Thesis title: Proposal and implementation of a novel high-order hybrid turbulence modelling algorithm for automotive aerodynamics

Supervisors: Ben THORNBER , Gareth VIO

Thesis abstract:

Hybrid turbulence modelling strategies have recently grown in popularity amongst the wider Computational Fluid Dynamics (CFD) community, especially with the increasing number of commercial codes offering variants such as Detached-Eddy Simulation. The limitations of Reynolds-Averaged Navier Stokes (RANS) are often exposed in flow configurations which are inherently unsteady and such transient information is often crucial in studies of aero-acoustics or fluid-structure interaction.

Turbulent flow fields around bluff bodies are of great interest both for fundamental and applied fluid dynamics research. Bluff bodies generate complex flow features such as regions of recirculation, reattachment and massively separated flows. Although unsteady RANS is typically used for such industrial-scale applications, it often suppresses turbulent content required for more detailed studies and the limited capability to capture massively separated flow is widely accepted. Detached-Eddy Simulation (DES) combines RANS and Large-Eddy Simulation (LES), as it essentially applies an eddy-viscosity based turbulence model, acting in RANS mode in the near-wall regions and as a subgrid model to a Large-Eddy Simulation (LES) in the free-stream.

The novel hybrid turbulence algorithm defined here combines stability-enhanced Spalart-Allmaras model and an Implicit Large-Eddy Simulation.

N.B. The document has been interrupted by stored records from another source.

Lemma Exists_eval_tlit_agree (s1 s2 : nat -> A) c :
  {in clause_vars c, s1 =1 s2} ->
  List.Exists (eval_tlit I s1) (cl_betas c) -> List.Exists (eval_tlit I s2) (cl_betas c).
Proof.
move=> Hs; rewrite !List.Exists_exists => -[l [Hl Hsl]]; exists l; split=> //.
rewrite -(eval_tlit_agree (s1:=s1)) // => y Hy.
by apply: Hs; rewrite mem_cat (mem_flatten_map_In Hl Hy).
Qed.

Section Clause.
Variables (f : soformula) (r : nat -> seq A -> Prop).

Lemma eval_elim_hex_hlit (s1 s2 : nat -> A) h :
  wf_hlit f h -> {in hlit_vars h, s1 =1 s2} ->
  (forall i, i < size (Defs.prefix f) ->
     (exists t, size t = so_arity f i /\ r i t) -> r i (map s2 (witness_vars f i))) ->
  eval_hlit f r s1 h -> eval_hlit (elim_hex f) r s2 (elim_hex_hlit f h).
Proof.
case: h => [b i zs | i |] //= Hwf Hs Hwit; last exact: Hwit.
by move/eq_in_map: Hs => ->.
Qed.

Lemma eval_hlit_of_elim_hex (s1 s2 : nat -> A) h :
  {in hlit_vars h, s1 =1 s2} ->
  eval_hlit (elim_hex f) r s2 (elim_hex_hlit f h) -> eval_hlit f r s1 h.
Proof.
case: h => [b i zs | i |] //= Hs; first by move/eq_in_map: Hs => ->.
by move=> Hr; exists (map s2 (witness_vars f i)); rewrite /witness_vars !size_map size_iota.
Qed.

Implicit-LES eliminates the need for an additional filtering operation, which separates the resolved from the unresolved scales in conventional LES. The numerical schemes used in Implicit-LES resolve the inviscid energy cascade however, beyond the inertial range, they provide the required level of dissipation at the grid-scale cut-off. Non-scillatory finite volume methods originally used to capture shock flows are often employed for their non-linear stability, efficiency and ease of implementation. Implicit-LES has now been used to simulate a wide range of different flows in engineering and the effectiveness of this approach mainly arises from the dissipative behaviour of leading-order truncation terms which serve as a built-in subgrid-scale model.

For conventional LES the computational expenses and the grid resolution requirements scale with the Reynolds number for all types of flow regimes. However this scaling exhibits a strong dependency in viscosity-affected regions of wall-bounded flows and this makes fully-resolved LES impractical for aerodynamic studies. Development and implementation of wall-modelling for LES also led to some challenges which are still being explored.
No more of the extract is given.